I’ve been driving around all summer, happy as Larry with the new machine because it’s like a little Jeep.

“But my dear boy,” the General said, “it’s not a Jeep. It’s a van.”

“I know that,” I said, “but it feels like a Jeep.”

“Why do you want to pretend it’s something it’s not?” he wondered.

“I’m not pretending it’s a Jeep,” I protested. “I’m not an idiot.”

“Do you have an issue with size?” he asked. “Do you want to imagine things are bigger than they are?”

And he was eyeballing me with his nose in my face.

The fact is I’m delighted with the Yeti, and I was out and about all summer, meeting people and sitting at the beaches in Bundoran and Enniscrone with ice-cream cones and talking in strange places to women with funny hats and visiting distant relations.

Auntie Mary

I was even able to give Auntie Mary a lift to a wedding in Galway, although on the way back, in the middle of the night, she needed to use the bathroom and we were on the N4 between Mullingar and Carrick-on-Shannon. She was so desperate that I pulled over and let her out near the gate of a field.

Auntie Mary is a big woman. She was wearing a floral-patterned dress for the wedding and her hat was like a separate event on the top of her head. The hat stuck out over her forehead like a gawking bird, and there were feathers to the rear.

As she squatted in the dark it was still perched on her head, like a bird about to fly, and I suppose we were lucky there was no moon, because the floral dress blended with the hedgerow and her little hat sat up just above the bush and if a passing gunman was dreaming of pheasants he might have shot her head off.

But it's amazing how far we have evolved as a species over the past 30 years. The interaction with technology has transformed human consciousness so much that even elderly aunts have a different cosmic view. For a start her brash determination to find a ditch to pee in surprised me. I suppose that's because she's addicted to Big Brother. And the following morning, to my amazement, I found her working on an iPad at the breakfast table. I didn't even know she had an iPad.

“My son gave it to me,” she said. “He always gets the latest model, so I get the old ones.
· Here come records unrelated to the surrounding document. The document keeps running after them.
(* Folding the cube onto its positive orthant, x |-> (|x|, ε) with ε_k = [x_k < 0],
   identifies C^n with C^n_0 × (Z_2)^n up to the coordinates where x_k = 0.  At a point
   x of F(±j) the pairing τ^A_j keeps |x| and flips the signs of coordinate j and of the
   coordinates k with A_jk = 1, i.e. it adds the j-th row of Ã = λ_A(F*_j) to ε; sign
   changes in coordinates where x_k = 0 are absorbed by the generators e_k = λ_A(F_k).
   Conversely each generator of G_{f(p)} is realised by one pairing (for F*_j) or acts
   trivially (for F_j).  So folding and unfolding descend to mutually inverse maps of the
   quotients; h_i flips the i-th sign, i.e. adds e_i. *)
From Stdlib Require Import Reals Lra.
From Stdlib Require Import Relations.Relation_Operators.
From Stdlib Require Import Classical ClassicalEpsilon FunctionalExtensionality PropExtensionality.
From mathcomp Require Import all_boot.
Set Implicit Arguments.
Unset Strict Implicit.
Local Open Scope R_scope.

Lemma proj1_sig_inj (T : Type) (P : T -> Prop) (u v : sig P) : sval u = sval v -> u = v.
Proof. case: u v => [x Px] [y Py] /= exy; subst y; f_equal; exact: proof_irrelevance. Qed.

Section Quotient.
Variables (T : Type) (E : T -> T -> Prop).
Hypotheses (E_refl : forall a, E a a) (E_sym : forall a b, E a b -> E b a)
  (E_trans : forall a b c, E a b -> E b c -> E a c).

Lemma qproj_eq a b : E a b -> qproj E a = qproj E b.
Proof.
move=> Eab; apply: proj1_sig_inj => /=.
apply: functional_extensionality => c; apply: propositional_extensionality; split; eauto.
Qed.

Lemma qproj_inj a b : qproj E a = qproj E b -> E a b.
Proof. by move/(f_equal sval) => /= ->. Qed.

Definition quot_rep (S : quot E) : T :=
  sval (constructive_indefinite_description _ (proj2_sig S)).

Lemma quot_repK S : qproj E (quot_rep S) = S.
Proof.
apply: proj1_sig_inj; rewrite /quot_rep.
by case: (constructive_indefinite_description _ _) => x /= ->.
Qed.

Lemma qproj_surj S : exists x, S = qproj E x.
Proof. by exists (quot_rep S); rewrite quot_repK. Qed.

Definition quot_lift (U : Type) (F : T -> U) (S : quot E) : U := F (quot_rep S).

Section Lift.
Variables (U : Type) (F : T -> U).
Hypothesis F_compat : forall a b, E a b -> F a = F b.

Lemma quot_liftE x : quot_lift F (qproj E x) = F x.
Proof. by apply: F_compat; apply: qproj_inj; rewrite quot_repK. Qed.

Lemma quot_lift_continuous (oT : (T -> Prop) -> Prop) (oU : (U -> Prop) -> Prop) :
  continuous oT oU F -> continuous (quot_open oT) oU (quot_lift F).
Proof.
move=> cF V /cF; rewrite /quot_open.
by have -> : (fun x => V (quot_lift F (qproj E x))) = (fun x => V (F x))
  by apply: functional_extensionality => x; rewrite quot_liftE.
Qed.
End Lift.
End Quotient.

Lemma finite_common_radius (I : eqType) (P : I -> R -> Prop) (s : seq I) :
  (forall t e e', P t e -> 0 < e' <= e -> P t e') ->
  (forall t, t \in s -> exists e, 0 < e /\ P t e) ->
  exists e, 0 < e /\ forall t, t \in s -> P t e.
Proof.
move=> P_shrink; elim: s => [|a s IHs] Hs; first by exists 1; split; [lra|].
have [ea [ea_gt0 Pa]] := Hs a (mem_head a s).
have [es [es_gt0 Ps]] : exists e, 0 < e /\ forall t, t \in s -> P t e.
  by apply: IHs => t ts; apply: Hs; rewrite in_cons ts orbT.
have emin_gt0 := Rmin_pos _ _ ea_gt0 es_gt0.
exists (Rmin ea es); split => // t; rewrite in_cons => /orP [/eqP ->|ts].
  by apply: P_shrink Pa _; split => //; apply: Rmin_l.
by apply: P_shrink (Ps t ts) _; split => //; apply: Rmin_r.
Qed.

Definition is_neg (r : R) : bool := if Rlt_dec r 0 then true else false.

Lemma is_neg_opp r : r <> 0 -> is_neg (- r) = ~~ is_neg r.
Proof. by move/Rdichotomy; rewrite /is_neg; case: Rlt_dec; case: Rlt_dec => //= ? ?; lra. Qed.

Lemma is_neg_near (x : R) (e : R) :
  x <> 0 -> e <= Rabs x -> forall y, Rabs (y - x) < e -> is_neg y = is_neg x.
Proof.
move=> x_neq0 e_le y; rewrite /is_neg; case: Rlt_dec; case: Rlt_dec => //= ? ?;
  move: e_le; unfold Rabs; repeat case: Rcase_abs; lra.
Qed.

Section Points.
Variable n : nat.

Lemma is_neg_locally_constant (x : pt n) : exists e, 0 < e /\ forall y : pt n,
  (forall i, Rabs (y i - x i) < e) -> forall k, x k <> 0 -> is_neg (y k) = is_neg (x k).
Proof.
have [e [e_gt0 He]] : exists e, 0 < e /\
    forall k, k \in enum 'I_n -> x k <> 0 -> e <= Rabs (x k).
  apply: finite_common_radius => [k e e' He [_ e'_le] /He|k _]; first lra.
  case: (Req_dec_T (x k) 0) => xk; first by exists 1; split; [lra|].
  by exists (Rabs (x k)); split => [|_]; [apply: Rabs_pos_lt | lra].
exists e; split => // y Hy k xk.
exact: is_neg_near xk (He k (mem_enum _ k) xk) _ (Hy k).
Qed.

Lemma prod_open_uniform (U : cube0 n * z2v n -> Prop) (p : cube0 n) : prod_open U ->
  exists e, 0 < e /\ forall g : z2v n, U (p, g) -> forall q : cube0 n,
    (forall i, Rabs (sval q i - sval p i) < e) -> U (q, g).
Proof.
move=> U_open.
have [e [e_gt0 He]] : exists e, 0 < e /\ forall g, g \in enum {ffun 'I_n -> bool} ->
    U (p, fun k => g k) -> forall q : cube0 n,
    (forall i, Rabs (sval q i - sval p i) < e) -> U (q, fun k => g k).
  apply: finite_common_radius => [g e e' He [_ e'_le] Ug q Hq|g _].
    by apply: (He Ug q) => i; have := Hq i; lra.
  case: (classic (U (p, fun k => g k))) => [/U_open [e [e_gt0 He]]|notU].
    by exists e; split => // _; apply: He.
  by exists 1; split; [lra|].
exists e; split => // g.
have -> : g = (fun k => [ffun k => g k] k).
  by apply: functional_extensionality => k; rewrite ffunE.
exact: He (mem_enum _ _).
Qed.

Definition absv (x : pt n) : pt n := fun k => Rabs (x k).
Definition signv (x : pt n) : z2v n := fun k => is_neg (x k).
Definition signed (p : pt n) (g : z2v n) : pt n := fun k => if g k then - p k else p k.

Lemma absv_cube0 x : cube_pred x -> cube0_pred (absv x).
Proof. by move=> Hx k; have := Hx k; rewrite /absv; unfold Rabs; case: Rcase_abs; lra. Qed.

Lemma signed_cube p g : cube0_pred p -> cube_pred (signed p g).
Proof. by move=> Hp k; have := Hp k; rewrite /signed; case: (g k); lra. Qed.

Definition fold_cube (x : cube n) : cube0 n * z2v n :=
  (exist _ (absv (sval x)) (absv_cube0 (proj2_sig x)), signv (sval x)).

Definition unfold_cube (a : cube0 n * z2v n) : cube n :=
  exist _ (signed (sval a.1) a.2) (signed_cube a.2 (proj2_sig a.1)).

Lemma fold_cubeK x : unfold_cube (fold_cube x) = x.
Proof.
apply: proj1_sig_inj; apply: functional_extensionality => k.
rewrite /= /signed /absv /signv /is_neg; case: Rlt_dec => /=; unfold Rabs; case: Rcase_abs; lra.
Qed.

Lemma fold_unfold_cube1 a : (fold_cube (unfold_cube a)).1 = a.1.
Proof.
apply: proj1_sig_inj; apply: functional_extensionality => k.
have := proj2_sig a.1 k; rewrite /= /absv /signed; case: (a.2 k) => ?; unfold Rabs;
  case: Rcase_abs; lra.
Qed.

Lemma fold_unfold_cube2 a k : sval a.1 k <> 0 -> (fold_cube (unfold_cube a)).2 k = a.2 k.
Proof.
case: a => [[p Hp] g] /= /Rdichotomy pk; have := Hp k; rewrite /signv /signed /is_neg.
by case: (g k); case: Rlt_dec => //= ? ?; exfalso; lra.
Qed.

Lemma unfold_cube_continuous :
  continuous (@prod_open n) (@sub_open n (@cube_pred n)) unfold_cube.
Proof.
move=> V V_open [p g] /V_open [e [e_gt0 He]].
exists e; split => // q Hq; apply: He => i /=; rewrite /signed.
case: (g i); last exact: Hq.
have -> : - sval q i - - sval p i = - (sval q i - sval p i) by ring.
by rewrite Rabs_Ropp; apply: Hq.
Qed.

Lemma fold_hmap1 i x : (fold_cube (hmap i x)).1 = (fold_cube x).1.
Proof.
apply: proj1_sig_inj; apply: functional_extensionality => k.
by rewrite /= /absv /hpt; case: (k == i); rewrite ?Rabs_Ropp.
Qed.

Lemma fold_hmap2 i x k : sval x k <> 0 ->
  (fold_cube (hmap i x)).2 k = xorb ((fold_cube x).2 k) (ev i k).
Proof.
move=> xk; rewrite /= /signv /hpt /ev; case: (k == i); last by case: is_neg.
by rewrite is_neg_opp //; case: is_neg.
Qed.
End Points.

Lemma xorbE (a b : bool) : xorb a b = addb a b.
Proof. by case: a; case: b. Qed.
I have a laptop, a desktop and this thing,” she said smiling into the glow of the iPad.

“Wonderful,” I said, pouring myself some warm watery tea.

‘I lost my phone’

“But I have a problem,” she declared. “I lost my phone.”

“Oh, it will turn up,” I said. “Probably still in the car, or the bedroom, or maybe behind the sofa where you sat last night, watching Trump and drinking those tiny baby vodkas that rattle in your handbag when you walk.” But she dismissed all those possibilities.

“I dropped it when we stopped for the toilet,” she declared.

An image came to my mind of the phone lying in a ditch where it would never be found again until the damp had eaten into the screen and destroyed it forever.

“That’s a disaster,” I whispered.

“Not quite,” she replied, her eyes on a Google map of Westmeath. “Here it is,” she announced. And she showed me the little blue blink on the screen in a field near the N4.

And I was very proud of my Yeti as we drove back towards Mullingar with the co-ordinates for the phone blinking on the car’s computer screen.

“Where did you get this car?” she asked.

“Drogheda,” I said. There was a pause.

“Do all cars have stuff like this nowadays?” she asked pointing at the screen.

And I felt like an anthropologist watching a species make that leap into the future that saves them from extinction.

“I think it’s time I learned to drive,” she muttered.